(* Let $A$ be the generic $a_1\times\dots\times a_n$ table and let $\Gamma$ be any collection of subsets of $\{1,\dots,n\}$. Then $I(A)+L_\Gamma$ is a radical ideal of $R$, where $L_\Gamma=\sum_{\mathscr J\in\Gamma}L_{\mathscr J}$.
   Context: $\mathbb K$ is a field, $R=\mathbb K[x_{i_1,\dots,i_n}:1\le i_j\le a_j]$, $A=(x_{i_1,\dots,i_n})$. For a tuple $\sigma$ with $\sigma_j\in\{1,\dots,a_j\}\cup\{+\}$, $x_\sigma$ is the sum of all $x_{i_1,\dots,i_n}$ with $i_j=\sigma_j$ whenever $\sigma_j\ne+$. For $\mathscr J\subseteq\{1,\dots,n\}$, $L_{\mathscr J}$ is the ideal generated by all $x_\sigma$ with $\sigma_j\in\{1,\dots,a_j\}$ for $j\in\mathscr J$ and $\sigma_j=+$ for $j\notin\mathscr J$. $I(A)$ is the ideal generated by all generalized $2\times 2$ minors $\det\begin{pmatrix} x_{i_1,\dots,i_n} & x_{j_1,\dots,j_{l-1},i_l,j_{l+1},\dots,j_n}\\ x_{i_1,\dots,i_{l-1},j_l,i_{l+1},\dots,i_n} & x_{j_1,\dots,j_n}\end{pmatrix}$ (the ideal of the Segre variety). *)

From HB Require Import structures.
From mathcomp Require Import all_boot all_algebra.
From mathcomp Require Import mpoly.
Set Implicit Arguments. Unset Strict Implicit. Unset Printing Implicit Defensive.
Import GRing.Theory.
Local Open Scope ring_scope.

(* Index tuples (i_1,...,i_n) with i_j in {0,...,a_j - 1} (0-based version of {1..a_j}). *)
Definition idx (n : nat) (a : 'I_n -> nat) := {dffun forall j : 'I_n, 'I_(a j)}.

Definition nvar (n : nat) (a : 'I_n -> nat) : nat := #|{: idx a}|.

(* The polynomial ring R, with one variable per index tuple. *)
Definition Rpoly (K : fieldType) (n : nat) (a : 'I_n -> nat) := {mpoly K[nvar a]}.

Definition var (K : fieldType) (n : nat) (a : 'I_n -> nat) (t : idx a) : Rpoly K a :=
  'X_(enum_rank t).

Definition upd (n : nat) (a : 'I_n -> nat) (t u : idx a) (l : 'I_n) : idx a :=
  [ffun j => if j == l then u j else t j].

(* Generalized 2x2 minor det [[x_t, x_{u with l:=t_l}], [x_{t with l:=u_l}, x_u]]. *)
Definition gminor (K : fieldType) (n : nat) (a : 'I_n -> nat) (t u : idx a) (l : 'I_n)
  : Rpoly K a :=
  var K t * var K u - var K (upd u t l) * var K (upd t u l).

(* Partial tuples sigma: sigma_j = Some i  or  None (standing for "+"). *)
Definition ptuple (n : nat) (a : 'I_n -> nat) := {dffun forall j : 'I_n, option 'I_(a j)}.

Definition matches (n : nat) (a : 'I_n -> nat) (s : ptuple a) (t : idx a) : bool :=
  [forall j, match s j with Some k => t j == k | None => true end].

Definition xsigma (K : fieldType) (n : nat) (a : 'I_n -> nat) (s : ptuple a) : Rpoly K a :=
  \sum_(t : idx a | matches s t) var K t.

Definition is_minor (K : fieldType) (n : nat) (a : 'I_n -> nat) (p : Rpoly K a) : Prop :=
  exists (t u : idx a) (l : 'I_n), p = gminor K t u l.

Definition is_Lgen (K : fieldType) (n : nat) (a : 'I_n -> nat) (J : {set 'I_n})
  (p : Rpoly K a) : Prop :=
  exists s : ptuple a, (forall j, (s j != None) = (j \in J)) /\ p = xsigma K s.

Definition ideal_gen (R : comNzRingType) (S : R -> Prop) (p : R) : Prop :=
  exists (m : nat) (g c : 'I_m -> R), (forall i, S (g i)) /\ p = \sum_(i < m) c i * g i.

Definition radical (R : comNzRingType) (I : R -> Prop) : Prop :=
  forall (p : R) (k : nat), I (p ^+ k) -> I p.

From HB Require Import structures.
From mathcomp Require Import all_boot all_algebra.
From mathcomp Require Import mpoly ring.
Set Implicit Arguments. Unset Strict Implicit. Unset Printing Implicit Defensive.
Import GRing.Theory.
Local Open Scope ring_scope.

(* Fix a base tuple z and change coordinates blockwise in the Segre
   parametrization: w_{j,i} = y_{j,i} for i <> z_j and
   w_{j,z_j} = y_{j,z_j} - sum_{i <> z_j} y_{j,i}; let phi x_t = y_0 prod_j w_{j,t_j}.
   Up to this linear change phi is the monomial Segre map, so its kernel is I(A):
   two products of variables with the same column contents are congruent modulo
   the minors (straightening).  As sum_i w_{j,i} = y_{j,z_j}, phi maps x_sigma to
   y_0 prod_{j in J} w_{j,sigma_j} prod_{j notin J} y_{j,z_j}, so phi sends
   I(A) + L_Gamma into the squarefree monomial ideal M generated by the
   y_0 prod_j y_{j,t_j} with t = z outside some J in Gamma, and every balanced
   monomial of M is the image of an element of I(A) + L_Gamma.  Squarefree
   monomial ideals are radical: if p^k lies in I(A) + L_Gamma then phi p lies in
   M, hence phi p = phi q for some q in I(A) + L_Gamma, and p - q lies in
   ker phi = I(A). *)

Lemma big_distr_dffun (R : comPzSemiRingType) (I : finType) (T_ : I -> finType)
    (F : forall i, T_ i -> R) :
  \prod_i \sum_(x : T_ i) F i x = \sum_(t : {dffun forall i, T_ i}) \prod_i F i (t i).
Proof.
pose G i : {ffun T_ i -> R} := [ffun x => F i x].
transitivity (\prod_i \sum_(x : T_ i) G i x).
  by apply: eq_bigr => i _; apply: eq_bigr => x _; rewrite ffunE.
under eq_bigr => i _ do rewrite (big_tag G).
rewrite bigA_distr_big_dep (reindex (@dffun_of_fprod I T_)).
  rewrite -(big_fprod _ _ G); apply: eq_bigr => t _; apply: eq_bigr => i _.
  by rewrite ffunE /dffun_of_fprod ffunE.
exact/onW_bij/dffun_of_fprod_bij.
Qed.

Lemma sum_nat_delta (T : finType) (x : T) : (\sum_(i : T) (x == i))%N = 1%N.
Proof. by rewrite (bigD1 x) //= eqxx big1 // => i /negbTE; rewrite eq_sym => ->. Qed.

Lemma sum_scale_delta (R : pzRingType) (V : lmodType R) (T : finType) (F : T -> V) k :
  \sum_i (i == k)%:R *: F i = F k.
Proof.
by rewrite (bigD1 k) //= eqxx scale1r big1 ?addr0 // => i /negbTE ->; rewrite scale0r.
Qed.

Lemma perm_swap (T : eqType) (x y : T) s1 s2 :
  perm_eq (x :: s1 ++ y :: s2) (y :: s1 ++ x :: s2).
Proof.
by apply/permP => p; rewrite /= !count_cat /= addnCA [in RHS]addnCA (addnCA (p x)).
Qed.

(** * Ideals given by generators *)

Section IdealGen.
Variables (R : comNzRingType) (S : R -> Prop).
Local Notation I := (ideal_gen S).

Lemma ideal_gen0 : I 0.
Proof. by exists 0%N, (fun _ => 0), (fun _ => 0); rewrite big_ord0; split => // -[]. Qed.

Lemma ideal_gen_mem p : S p -> I p.
Proof.
by move=> Sp; exists 1%N, (fun _ => p), (fun _ => 1); rewrite big_ord1 mul1r.
Qed.

Lemma ideal_genD p q : I p -> I q -> I (p + q).
Proof.
move=> [m1 [g1 [c1 [S1 ->]]]] [m2 [g2 [c2 [S2 ->]]]].
pose glue T (f1 : 'I_m1 -> T) (f2 : 'I_m2 -> T) i :=
  match split i with inl i1 => f1 i1 | inr i2 => f2 i2 end.
exists (m1 + m2)%N, (glue _ g1 g2), (glue _ c1 c2); split.
  by move=> i; rewrite /glue; case: (split i).
by rewrite big_split_ord /glue; congr (_ + _); apply: eq_bigr => i _;
  rewrite (unsplitK (inl _)) || rewrite (unsplitK (inr _)).
Qed.

Lemma ideal_genMl c p : I p -> I (c * p).
Proof.
move=> [m [g [d [Sg ->]]]]; exists m, g, (fun i => c * d i); split => //.
by rewrite mulr_sumr; apply: eq_bigr => i _; rewrite mulrA.
Qed.

Lemma ideal_genMr c p : I p -> I (p * c).
Proof. by rewrite mulrC; apply: ideal_genMl. Qed.

Lemma ideal_gen_congr p q : I (p - q) -> I q -> I p.
Proof. by move=> Ipq Iq; rewrite -(subrK q p); apply: ideal_genD. Qed.

Lemma ideal_gen_sum (T : Type) (r : seq T) (P : pred T) (F : T -> R) :
  (forall i, P i -> I (F i)) -> I (\sum_(i <- r | P i) F i).
Proof.
by move=> IF; elim/big_rec: _ => [|i x /IF]; [exact: ideal_gen0 | apply: ideal_genD].
Qed.

Lemma ideal_gen_sub (S' : R -> Prop) p :
  (forall q, S q -> S' q) -> I p -> ideal_gen S' p.
Proof. by move=> SS' [m [g [c [Sg ->]]]]; exists m, g, c; split => // i; apply/SS'. Qed.

Lemma ideal_gen_eq0 p : (forall q, S q -> q = 0) -> I p -> p = 0.
Proof.
by move=> S0 [m [g [c [Sg ->]]]]; rewrite big1 // => i _; rewrite (S0 _ (Sg i)) mulr0.
Qed.

End IdealGen.

(** * Polynomials supported on a set of monomials *)

Section SuppIn.
Variables (R : comNzRingType) (N : nat).
Implicit Types (p q : {mpoly R[N]}) (m : 'X_{1..N}).

Definition supp_in (P : 'X_{1..N} -> Prop) q := forall m, m \in msupp q -> P m.

Variable P : 'X_{1..N} -> Prop.

Lemma supp_in0 : supp_in P 0.
Proof. by move=> m; rewrite msupp0. Qed.

Lemma supp_inD p q : supp_in P p -> supp_in P q -> supp_in P (p + q).
Proof. by move=> Pp Pq m /msuppD_le; rewrite mem_cat => /orP[/Pp|/Pq]. Qed.

Lemma supp_inB p q : supp_in P p -> supp_in P q -> supp_in P (p - q).
Proof. by move=> Pp Pq m /msuppB_le; rewrite mem_cat => /orP[/Pp|/Pq]. Qed.

Lemma supp_inZ c p : supp_in P p -> supp_in P (c *: p).
Proof. by move=> Pp m /msuppZ_le /Pp. Qed.

Lemma supp_inX m : P m -> supp_in P 'X_[m].
Proof. by move=> Pm m'; rewrite msuppX inE => /eqP ->. Qed.

Lemma supp_in_sum (T : Type) (r : seq T) (Q : pred T) (F : T -> {mpoly R[N]}) :
  (forall i, Q i -> supp_in P (F i)) -> supp_in P (\sum_(i <- r | Q i) F i).
Proof.
by move=> PF; elim/big_rec: _ => [|i x /PF]; [exact: supp_in0 | apply: supp_inD].
Qed.

Section Submonoid.
Hypotheses (P0 : P 0%MM) (PD : forall m1 m2, P m1 -> P m2 -> P (m1 + m2)%MM).

Lemma supp_in1 : supp_in P 1.
Proof. by move=> m; rewrite msupp1 inE => /eqP ->. Qed.

Lemma supp_inM p q : supp_in P p -> supp_in P q -> supp_in P (p * q).
Proof.
by move=> Pp Pq m /msuppM_le /allpairsP[[m1 m2] /= [/Pp P1 /Pq P2 ->]]; apply: PD.
Qed.

Lemma supp_in_prod (T : Type) (r : seq T) (F : T -> {mpoly R[N]}) :
  (forall i, supp_in P (F i)) -> supp_in P (\prod_(i <- r) F i).
Proof.
by move=> PF; elim/big_rec: _ => [|i x _]; [exact: supp_in1 | apply/supp_inM].
Qed.

Lemma supp_inXn p k : supp_in P p -> supp_in P (p ^+ k).
Proof. by move=> Pp; rewrite -[k]subn0 -prodr_const_nat; apply: supp_in_prod. Qed.

End Submonoid.

Lemma supp_inMr p q : (forall m1 m2, P m1 -> P (m1 + m2)%MM) ->
  supp_in P p -> supp_in P (p * q).
Proof.
by move=> PD Pp m /msuppM_le /allpairsP[[m1 m2] /= [/Pp P1 _ ->]]; apply: PD.
Qed.

Definition mext (V : lmodType R) (F : 'X_{1..N} -> V) q : V :=
  \sum_(m <- msupp q) q@_m *: F m.

Variables (V : lmodType R) (F : 'X_{1..N} -> V).

Lemma mextE q (r : seq 'X_{1..N}) : uniq r -> {subset msupp q <= r} ->
  mext F q = \sum_(m <- r) q@_m *: F m.
Proof.
move=> r_uniq qr; rewrite (bigID (mem (msupp q))) /= [X in _ = _ + X]big1; last first.
  by move=> m /memN_msupp_eq0 ->; rewrite scale0r.
rewrite addr0 -big_filter; apply/perm_big/uniq_perm; rewrite ?filter_uniq ?msupp_uniq //.
by move=> m; rewrite mem_filter; case: (boolP (m \in msupp q)) => // /qr ->.
Qed.

Lemma mextD p q : mext F (p + q) = mext F p + mext F q.
Proof.
set r := undup (msupp p ++ msupp q); have r_uniq : uniq r := undup_uniq _.
rewrite [mext F (p + q)](mextE r_uniq); last by move=> m /msuppD_le; rewrite mem_undup.
rewrite [mext F p](mextE r_uniq); last by move=> m mp; rewrite mem_undup mem_cat mp.
rewrite [mext F q](mextE r_uniq); last by move=> m mq; rewrite mem_undup mem_cat mq orbT.
by rewrite -big_split; apply: eq_bigr => m _; rewrite mcoeffD scalerDl.
Qed.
○ ○ ○ ○ ○
## ASSIGNMENT
Only output the lines from the one with "End Submonoid." through the end of the entries above, exactly as they are.

## EXPECTED OUTPUT
End Submonoid.

Lemma supp_inMr p q : (forall m1 m2, P m1 -> P (m1 + m2)%MM) ->
  supp_in P p -> supp_in P (p * q).
Proof.
by move=> PD Pp m /msuppM_le /allpairsP[[m1 m2] /= [/Pp P1 _ ->]]; apply: PD.
Qed.

Definition mext (V : lmodType R) (F : 'X_{1..N} -> V) q : V :=
  \sum_(m <- msupp q) q@_m *: F m.

Variables (V : lmodType R) (F : 'X_{1..N} -> V).

Lemma mextE q (r : seq 'X_{1..N}) : uniq r -> {subset msupp q <= r} ->
  mext F q = \sum_(m <- r) q@_m *: F m.
Proof.
move=> r_uniq qr; rewrite (bigID (mem (msupp q))) /= [X in _ = _ + X]big1; last first.
  by move=> m /memN_msupp_eq0 ->; rewrite scale0r.
rewrite addr0 -big_filter; apply/perm_big/uniq_perm; rewrite ?filter_uniq ?msupp_uniq //.
by move=> m; rewrite mem_filter; case: (boolP (m \in msupp q)) => // /qr ->.
Qed.

Lemma mextD p q : mext F (p + q) = mext F p + mext F q.
Proof.
set r := undup (msupp p ++ msupp q); have r_uniq : uniq r := undup_uniq _.
rewrite [mext F (p + q)](mextE r_uniq); last by move=> m /msuppD_le; rewrite mem_undup.
rewrite [mext F p](mextE r_uniq); last by move=> m mp; rewrite mem_undup mem_cat mp.
rewrite [mext F q](mextE r_uniq); last by move=> m mq; rewrite mem_undup mem_cat mq orbT.
by rewrite -big_split; apply: eq_bigr => m _; rewrite mcoeffD scalerDl.
Qed.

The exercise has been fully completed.